Our phylogenetic hypothesis for Siphamia is very similar to that proposed by Gon and Allen (2012) using morphological characters, with slight variations in the placement of specific taxa. Our tree contains a clade that corresponds to Gon and Allen's S. tubifer species group, characterized by a striated pattern on the light organ (Figure 2), although one individual S. majimai and two S. jebbi specimens fell out of this group (Figure 3). Within this group, our trees support the relationships of S. jebbi and S. stenotes as sister species, as well as S. tubifer and S. fraseri. The relative placement of S. mossambica, S. majimai, and S. goreni varies among the trees, but there is support for S. mossambica and S. goreni as sister species in the COI tree, S. mossambica and S. majimai as sisters in the supermatrix tree, and S. majimai and S. goreni as sisters in the morphological tree (Gon and Allen, 2012).
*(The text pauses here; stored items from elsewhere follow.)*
(* Let $k$ be a positive integer and let $G$ be a DPG-$[k,2]$-colorable graph. Then: (1) $G$ is DP-$k$-colorable, and thus $k$-choosable. (2) $G$ is DP-vertex-$\lceil k/2\rceil$-arborable. (3) Let $d$ be an integer with $2d>k$ and $d\le k$. If $L$ is a $d$-assignment of $G$ (colors being positive integers, so that $1,2,\dots,2d-k$ are colors), then $G$ has an $L$-forested-coloring such that $C(i)$ is an independent set for each $i\in\{1,\dots,2d-k\}$.
   Context: All graphs are finite, simple, undirected. An assignment $L$ gives each vertex $v$ a set $L(v)$ of colors (positive integers); $k$-assignment means $|L(v)|=k$; $G$ is $k$-choosable if every $k$-assignment admits a proper coloring from the lists. A cover $H$ of $G$ w.r.t. $L$ has vertex set $\{(u,c):c\in L(u)\}$, each $\{u\}\times L(u)$ is a clique, for each edge $uv$ the edges between $\{u\}\times L(u)$ and $\{v\}\times L(v)$ form a matching, and there are no such edges for non-adjacent $u,v$. A representative set contains exactly one vertex of each $\{v\}\times L(v)$. DP-coloring: representative $R$ with $H[R]$ edgeless; DP-$k$-colorable: exists for every $k$-assignment and cover. DP-forested-coloring: representative $R$ with $H[R]$ a forest; DP-vertex-$k$-arborable: exists for every $k$-assignment and cover. $L$-forested-coloring: $c(v)\in L(v)$ with every color class inducing a forest; $C(i)$ is the set of vertices colored $i$. For $F=(f_1,\dots,f_s)$, $f_i:V(G)\to\mathbb{Z}_{\ge0}$, $|f(v)|=\sum_i f_i(v)$; a DP-$F$-coloring of $(G,H)$ is a representative set $R$ admitting an ordering in which each $(v,i)\in R$ has fewer than $f_i(v)$ $H$-neighbors among earlier elements of $R$. $G$ is DPG-$[k,t]$-colorable if for every $s\ge1$, every cover $H$ w.r.t. $L(v)=\{1,\dots,s\}$ for all $v$, and every $F$ with $|f(v)|\ge k$ and $f_i(v)\le t$ for all $v,i$, $(G,H)$ has a DP-$F$-coloring. *)

From mathcomp Require Import all_boot.

Set Implicit Arguments.
Unset Strict Implicit.
Unset Printing Implicit Defensive.

Definition simple_graph (T : finType) (e : rel T) : Prop :=
  symmetric e /\ irreflexive e.

(* An assignment L gives each vertex a finite set of colors (positive
   integers), represented as a duplicate-free list. *)
Definition assignment (T : finType) (L : T -> seq nat) : Prop :=
  forall v, uniq (L v) /\ all (fun c => 0 < c) (L v).

Definition k_assignment (T : finType) (k : nat) (L : T -> seq nat) : Prop :=
  assignment L /\ forall v, size (L v) = k.

(* A cover H of G w.r.t. L.  Its vertex set is {(u,c) : c in L u}; each
   {u} x L(u) is a clique (implicit).  M u c v d holds iff there is an edge
   between (u,c) and (v,d) with u <> v; these edges exist only for adjacent
   u, v, and for each edge uv they form a matching. *)
Definition cover (T : finType) (e : rel T) (L : T -> seq nat)
    (M : T -> nat -> T -> nat -> bool) : Prop :=
  [/\ forall u c v d, M u c v d -> [&& e u v, c \in L u & d \in L v],
      forall u c v d, M u c v d = M v d u c &
      forall u c v d1 d2, M u c v d1 -> M u c v d2 -> d1 = d2].

(* A representative set R of H, given as the choice function r : one
   vertex (v, r v) of each {v} x L(v). *)
Definition representative (T : finType) (L : T -> seq nat) (r : T -> nat) :=
  forall v, r v \in L v.

(* The graph H[R] on the chosen vertices, indexed by T. *)
Definition induced_rep (T : finType) (M : T -> nat -> T -> nat -> bool)
    (r : T -> nat) : rel T :=
  fun u v => M u (r u) v (r v).

Definition forest (T : finType) (g : rel T) : Prop :=
  ~ exists s : seq T, [&& uniq s, 2 < size s & cycle g s].

Definition DP_colorable (T : finType) (e : rel T) (k : nat) : Prop :=
  forall L M, k_assignment k L -> cover e L M ->
  exists r, representative L r /\ forall u v, ~~ induced_rep M r u v.

Definition choosable (T : finType) (e : rel T) (k : nat) : Prop :=
  forall L, k_assignment k L ->
  exists c : T -> nat, (forall v, c v \in L v) /\
    forall u v, e u v -> c u != c v.

Definition DP_vertex_arborable (T : finType) (e : rel T) (k : nat) : Prop :=
  forall L M, k_assignment k L -> cover e L M ->
  exists r, representative L r /\ forest (induced_rep M r).

Definition class_graph (T : finType) (e : rel T) (c : T -> nat) (i : nat)
  : rel T := fun x y => [&& e x y, c x == i & c y == i].

Definition L_forested_coloring (T : finType) (e : rel T) (L : T -> seq nat)
    (c : T -> nat) : Prop :=
  (forall v, c v \in L v) /\ forall i, forest (class_graph e c i).

Definition independent_class (T : finType) (e : rel T) (c : T -> nat)
    (i : nat) : Prop :=
  forall x y, c x = i -> c y = i -> ~~ e x y.

Definition full_assignment (T : finType) (s : nat) : T -> seq nat :=
  fun _ => iota 1 s.

(* DP-F-coloring of (G,H) with H a cover w.r.t. L(v) = {1..s}, where
   F = (f_1, ..., f_s) is given by f i v = f_i(v) (for 1 <= i <= s):
   a representative set R (given by r) admitting an ordering (a listing
   ord of all vertices, each exactly once) in which each (v, r v) has
   fewer than f_{r v}(v) H-neighbours among the earlier elements of R. *)
Definition DP_F_coloring (T : finType) (s : nat)
    (M : T -> nat -> T -> nat -> bool) (f : nat -> T -> nat) : Prop :=
  exists r : T -> nat, representative (@full_assignment T s) r /\
  exists ord : seq T, perm_eq ord (enum T) /\
    forall v : T,
      count (fun u => M v (r v) u (r u)) (take (index v ord) ord)
        < f (r v) v.

Definition DPG_colorable (T : finType) (e : rel T) (k t : nat) : Prop :=
  forall (s : nat) (M : T -> nat -> T -> nat -> bool) (f : nat -> T -> nat),
    1 <= s ->
    cover e (@full_assignment T s) M ->
    (forall v, k <= \sum_(1 <= i < s.+1) f i v) ->
    (forall v i, 1 <= i <= s -> f i v <= t) ->
    DP_F_coloring s M f.

(** Relabel the colours of every list [L v] by their positions [1..|L v|]:
    a cover of [G] with respect to [L] becomes a cover with respect to
    [{1,...,s}], and weights [w v c] on colours become the functions
    [f_j(v) = w v (j-th colour of L v)].  A DP-F-coloring is then a choice of
    colours together with an ordering of the vertices in which every vertex [v]
    has fewer than [w v (c v)] earlier cover-neighbours.  With all weights [1]
    no two chosen vertices are adjacent (the later one would have an earlier
    neighbour), which gives (1); with all weights [2] every cycle has a last
    vertex with two earlier neighbours, which gives (2); and giving weight [1]
    to the colours [1..2d-k] and [2] to the others, on the cover encoding
    list coloring, gives (3), since a [d]-list contains at most [2d-k] of
    these colours and so its total weight is at least [k]. *)
From Pilot Require Import Defs.
From mathcomp Require Import all_boot zify.

Set Implicit Arguments.
Unset Strict Implicit.
Unset Printing Implicit Defensive.

Definition earlier (T : eqType) (ord : seq T) (v : T) := take (index v ord) ord.

Definition degenerate_order (T : finType) (P : rel T) (b : T -> nat)
    (ord : seq T) :=
  perm_eq ord (enum T) /\ forall v, count (P v) (earlier ord v) < b v.

Section Orderings.
Variables (T : finType) (ord : seq T).
Hypothesis ord_enum : perm_eq ord (enum T).

Lemma mem_ord x : x \in ord.
Proof. by rewrite (perm_mem ord_enum) mem_enum. Qed.

Lemma earlier_total x y :
  x != y -> x \in earlier ord y \/ y \in earlier ord x.
Proof.
move=> nxy; rewrite /earlier !in_take ?mem_ord //.
case: (ltngtP (index x ord) (index y ord)) => [||/(index_inj x)];
  try by [left | right].
by move=> /(_ (mem_ord x) (mem_ord y)) exy; rewrite exy eqxx in nxy.
Qed.

Lemma last_in_order (A : seq T) x0 :
  x0 \in A ->
  exists2 w, w \in A & {in A, forall x, x != w -> x \in earlier ord w}.
Proof.
move=> x0A; case: (arg_maxnP (fun x => index x ord) x0A) => w wA w_max.
exists w => // x xA nxw.
rewrite /earlier in_take ?mem_ord // ltn_neqAle [_ <= _](w_max x xA) andbT.
by apply: contra nxw => /eqP /(index_inj x (mem_ord x) (mem_ord w)) ->.
Qed.

End Orderings.

Lemma cycle_nbrs (T : eqType) (g : rel T) (s : seq T) x :
  uniq s -> 2 < size s -> cycle g s -> x \in s ->
  exists a b, [/\ uniq [:: x; a; b], {subset [:: a; b] <= s}, g x a & g b x].
Proof.
move=> us s_gt2 gs xs; have := rot_index xs; set t := _ ++ _ => s_rot.
have ut : uniq (x :: t) by rewrite -s_rot rot_uniq.
have gt : cycle g (x :: t) by rewrite -s_rot rot_cycle.
have t_gt1 : 1 < size t by move: s_gt2; rewrite -(size_rot (index x s)) s_rot.
have t_s z : z \in t -> z \in s.
  by move=> zt; rewrite -(mem_rot (index x s)) s_rot inE zt orbT.
case: t t_gt1 ut gt t_s {s_rot} => [|a t] //; case/lastP: t => [|t b] // _.
rewrite /= rcons_path last_rcons !inE !mem_rcons !inE !negb_or.
move=> /andP [/and3P [nxa nxb _] /andP [/andP [nab _] _]] /and3P [gxa _ gbx] t_s.
exists a, b; split => //=; first by rewrite !inE negb_or nxa nxb nab.
move=> z /[!inE] /orP [] /eqP ->; apply: t_s;
  by rewrite !inE ?mem_rcons ?inE eqxx ?orbT.
Qed.

Section DegenerateOrder.
Variables (T : finType) (P : rel T) (b : T -> nat) (ord : seq T).
Hypothesis deg : degenerate_order P b ord.

Lemma degenerate_earlier_nbrs x (A : seq T) :
  uniq A -> {subset A <= earlier ord x} -> all (P x) A -> size A < b x.
Proof.
move=> uA A_earlier /allP PA; apply: leq_ltn_trans (deg.2 x).
rewrite -size_filter; apply: uniq_leq_size => // y yA.
by rewrite mem_filter PA ?A_earlier.
Qed.

Lemma degenerate1_asym x y :
  b x <= 1 -> b y <= 1 -> x != y -> P x y -> ~~ P y x.
Proof.
move=> bx1 by1 nxy Pxy; apply/negP => Pyx.
have [xy | yx] := earlier_total deg.1 nxy.
- suff: 1 < b y by rewrite ltnNge by1.
  apply: (@degenerate_earlier_nbrs y [:: x]) => //= [z /[1!inE] /eqP ->|];
    by rewrite ?Pyx.
- suff: 1 < b x by rewrite ltnNge bx1.
  apply: (@degenerate_earlier_nbrs x [:: y]) => //= [z /[1!inE] /eqP ->|];
    by rewrite ?Pxy.
Qed.

Lemma degenerate2_forest (g : rel T) :
  (forall v, b v <= 2) -> (forall x y, g x y -> P x y && P y x) -> forest g.
Proof.
move=> b_le2 gP [[|x s] /and3P [us s_gt2 gs]] //.
have [w ws w_last] := last_in_order deg.1 (mem_head x s).
have [a [c [/= /[!inE] /and3P [/norP [nwa nwc] nac _] acs gwa gcw]]] :=
  cycle_nbrs us s_gt2 gs ws.
suff: 2 < b w by rewrite ltnNge b_le2.
apply: (@degenerate_earlier_nbrs w [:: a; c]) => /=.
- by rewrite inE nac.
- move=> z zac; apply: w_last; first exact: acs.
  by move: zac; rewrite !inE => /orP [] /eqP ->; rewrite eq_sym.
- by rewrite (andP (gP _ _ gwa)).1 (andP (gP _ _ gcw)).2.
Qed.

End DegenerateOrder.

Section Relabel.
Variables (T : finType) (e : rel T) (n : nat) (L : T -> seq nat).
Variable M : T -> nat -> T -> nat -> bool.
Hypothesis L_assign : k_assignment n L.

(* Colour positions are 1-based, as the colours of [full_assignment]. *)
Definition lab v j := nth 0 (L v) j.-1.

Definition relab u j v j' :=
  [&& M u (lab u j) v (lab v j'), 0 < j <= n & 0 < j' <= n].

Lemma relab_cover :
  Defs.cover e L M -> Defs.cover e (@full_assignment T n) relab.
Proof.
have [L_set L_size] := L_assign; move=> [M_e M_sym M_match]; split.
- move=> u c v d /and3P [/M_e /and3P [-> _ _] c_n d_n].
  by rewrite /full_assignment !mem_iota; lia.
- by move=> u c v d; rewrite /relab M_sym; congr (_ && _); exact: andbC.
- move=> u c v d1 d2 /and3P [M1 _ d1_n] /and3P [M2 _ d2_n].
  move: (M_match _ _ _ _ _ M1 M2) => /eqP.
  rewrite /lab nth_uniq ?L_size ?(L_set v).1; lia.
Qed.

Lemma lab_representative r :
  representative (@full_assignment T n) r ->
  representative L (fun v => lab v (r v)).
Proof.
move=> r_full v; rewrite /lab mem_nth // L_assign.2.
by move: (r_full v); rewrite /full_assignment mem_iota; lia.
Qed.

Lemma relab_induced r : representative (@full_assignment T n) r ->
  induced_rep relab r =2 induced_rep M (fun v => lab v (r v)).
Proof.
move=> r_full u v; rewrite /induced_rep /relab.
move: (r_full u) (r_full v); rewrite /full_assignment !mem_iota => ru rv.
by rewrite andbC; lia.
Qed.

Lemma sum_lab (w : T -> nat -> nat) v :
  \sum_(1 <= j < n.+1) w v (lab v j) = \sum_(c <- L v) w v c.
Proof. by rewrite big_add1 [RHS](big_nth 0) L_assign.2. Qed.

End Relabel.

Lemma DPG_colorable_degenerate (T : finType) (e : rel T) k n L M
    (w : T -> nat -> nat) :
  DPG_colorable e k 2 -> 0 < n -> k_assignment n L -> Defs.cover e L M ->
  (forall v, k <= \sum_(c <- L v) w v c) -> (forall v c, w v c <= 2) ->
  exists2 c, representative L c &
    exists ord, degenerate_order (induced_rep M c) (fun v => w v (c v)) ord.
Proof.
move=> DPG n_gt0 L_assign M_cover w_sum w_le2.
have [||r [r_full [ord [ord_enum r_deg]]]] :=
  DPG n (relab n L M) (fun j v => w v (lab L v j)) n_gt0
    (relab_cover L_assign M_cover).
- by move=> v; rewrite sum_lab.
- by [].
exists (fun v => lab L v (r v)); first exact: (lab_representative L_assign r_full).
exists ord; split=> // v; rewrite -(eq_count (relab_induced L M r_full v)).
exact: r_deg.
Qed.

(* [(u, c)] is matched with [(v, c)]: the DP-colourings of this cover are the
   proper [L]-colourings. *)
Definition list_cover (T : finType) (e : rel T) (L : T -> seq nat) u c v d :=
  [&& e u v, c == d, c \in L u & d \in L v].

Lemma list_cover_cover (T : finType) (e : rel T) L :
  symmetric e -> Defs.cover e L (list_cover e L).
Proof.
move=> e_sym; split.
- by move=> u c v d /and4P [-> _ -> ->].
- move=> u c v d; rewrite /list_cover e_sym eq_sym.
  by do 2!congr (_ && _); exact: andbC.
- by move=> u c v d1 d2 /and4P [_ /eqP <- _ _] /and4P [_ /eqP <- _ _].
Qed.

Lemma induced_list_cover (T : finType) (e : rel T) L c :
  representative L c ->
  induced_rep (list_cover e L) c =2 fun u v => e u v && (c u == c v).
Proof. by move=> c_L u v; rewrite /induced_rep /list_cover !c_L !andbT. Qed.

Lemma DP_colorable_choosable (T : finType) (e : rel T) k :
  symmetric e -> DP_colorable e k -> choosable e k.
Proof.
move=> e_sym DP L L_assign.
have [c [c_L c_indep]] := DP L _ L_assign (list_cover_cover L e_sym).
exists c; split=> // u v euv; move: (c_indep u v).
by rewrite induced_list_cover // euv.
Qed.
As such, it is likely that all of three of these species belong to one clade. The relationships among the species outside of the S. tubifer group are less certain, with several species clustering into species complexes. However, S. roseigaster, S. cuneiceps, and S. cephalotes consistently fall out near the base of the tree, indicating that these species diverged earlier.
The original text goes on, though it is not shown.